-- INFORMATION SUPPLIED follows --

Lemma exists_CML_coeffs C k : posdef_cov C -> reciprocal C -> interior k ->
  exists g1 g2 gk, CML_coeffs C k g1 g2 gk.
Proof.
move=> pdC recC kI; have /andP [k0 kN] := kI.
have [H lawH] := exists_cond_law k (outer_set (prev_idx k) ord_max) pdC.
have ordk : (prev_idx k < k < @ord_max N)%N by rewrite prev_idxE /=; lia.
have [Hpair _ _] := (recC _ _ _ ordk H _).1 lawH.
exists (H (prev_idx k)), (H ord_max), (cond_cov C k H).
apply: cond_law_ext lawH => [i|i].
  by rewrite /outer_set /cml_set /= prev_idxE; have := ltn_ord i; lia.
rewrite /cml_coef; case: eqP => [e|ne].
  by congr H; apply: val_inj; rewrite /= prev_idxE.
case: eqP => [e|ne2]; first by congr H; apply: val_inj.
apply: Hpair; rewrite /pair_set /= negb_or -!val_eqE /= prev_idxE.
by apply/andP; split; apply/eqP.
Qed.

Lemma CML_coeffs_uniq C k g1 g2 gk g1' g2' gk' : posdef_cov C -> interior k ->
  CML_coeffs C k g1 g2 gk -> CML_coeffs C k g1' g2' gk' ->
  [/\ g1 = g1', g2 = g2' & gk = gk'].
Proof.
move=> pdC kI /(CML_coeffsE _ _ _ _ kI) [orth ->] /(CML_coeffsE _ _ _ _ kI) [orth' ->].
have innov_eq : forall i, innov g1 g2 k i - innov g1' g2' k i = 0.
  apply: (orth_support_eq0 (S := cml_set k) pdC) => [i iS|m mS].
    by rewrite /innov !cml_coef_out // subrr.
  by rewrite cov_comb_xB orth // orth' // subrr.
have /andP [_ kN] := kI.
have e1 : g1 = g1'.
  have /eqP := innov_eq (prev_idx k).
  by rewrite /innov /cml_coef prev_idxE eqxx subr_eq0 => /eqP /addrI /oppr_inj.
have e2 : g2 = g2'.
  have /eqP := innov_eq ord_max; rewrite /innov /cml_coef /=.
  have -> : (N == k.-1) = false by lia.
  by rewrite eqxx subr_eq0 => /eqP /addrI /oppr_inj.
by rewrite e1 e2.
Qed.

Section CMLModel.
Variables g1 g2 gk : idx -> blk.
Local Notation E l := (innov (g1 l) (g2 l) l).

Definition CML_model C := forall l, interior l -> CML_coeffs C l (g1 l) (g2 l) (gk l).

Definition prec_of_CML (i j : idx) : blk :=
  \sum_(l | interior l) (E l i)^T *m invmx (gk l) *m E l j.

Lemma trmx_prec_of_CML : (forall l, interior l -> (gk l)^T = gk l) ->
  forall i j, (prec_of_CML i j)^T = prec_of_CML j i.
Proof.
move=> gk_sym i j; rewrite /prec_of_CML raddf_sum /=; apply: eq_bigr => l lI.
by rewrite !trmx_mul trmxK trmx_inv gk_sym // mulmxA.
Qed.

(* x_0, e_1, ..., e_(N-1), x_N span the same space as x_0, ..., x_N. *)
Lemma cov_comb_x_eq0_innov p C (f : idx -> 'M[R]_(p, d)) :
  (forall b, ~~ interior b -> cov_comb_x C f b = 0) ->
  (forall l, interior l -> cov_comb C f (E l) = 0) ->
  forall m, cov_comb_x C f m = 0.
Proof.
move=> f_bd f_innov.
suff f_le n (m : idx) : (m <= n)%N -> cov_comb_x C f m = 0 by move=> m; apply: (f_le m).
elim: n m => [|n IH] m mn.
  by apply: f_bd; move: mn; rewrite /interior leqn0 => /eqP ->.
have [mI|] := boolP (interior m); last exact: f_bd.
have := f_innov m mI; rewrite cov_comb_innov // (IH (prev_idx m)); last first.
  by rewrite prev_idxE; move: mn; case: (m : nat).
by rewrite (f_bd ord_max) ?mul0mx ?subr0 // /interior /= ltnn andbF.
Qed.

(* Back substitution: on interior indices E_l l = 1 and E_l j = 0 unless j = l - 1. *)
Lemma innov_triangular p (a : idx -> 'M[R]_(p, d)) t :
  (forall j, interior j -> (t <= j)%N -> \sum_(l | interior l) a l *m E l j = 0) ->
  forall l, interior l -> (t <= l)%N -> a l = 0.
Proof.
move=> a_sum.
suff a0 n l : interior l -> (t <= l)%N -> (N - l <= n)%N -> a l = 0.
  by move=> l lI tl; apply: (a0 N) => //; rewrite leq_subr.
elim: n l => [|n IH] l lI tl ln; first by move: lI ln; rewrite /interior; lia.
have := a_sum l lI tl; rewrite (bigD1 l) //= innov_diag // mulmx1 big1 ?addr0 //.
move=> l' /andP [l'I l'l]; have /andP [_ lN] := lI.
rewrite innov_offdiag // 1?eq_sym //; case: eqP => [e|_]; last by rewrite mulmx0.
by rewrite (IH l') ?mul0mx //; move: lI l'I tl ln e; rewrite /interior; lia.
Qed.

-- INFORMATION SUPPLIED concluded --

PROBLEM TO WORK ON –
Pull every line that holds the string "Lemma" out of the records.

EXERCISE RESULT –
Lemma exists_CML_coeffs C k : posdef_cov C -> reciprocal C -> interior k ->
Lemma CML_coeffs_uniq C k g1 g2 gk g1' g2' gk' : posdef_cov C -> interior k ->
Lemma trmx_prec_of_CML : (forall l, interior l -> (gk l)^T = gk l) ->
Lemma cov_comb_x_eq0_innov p C (f : idx -> 'M[R]_(p, d)) :
Lemma innov_triangular p (a : idx -> 'M[R]_(p, d)) t :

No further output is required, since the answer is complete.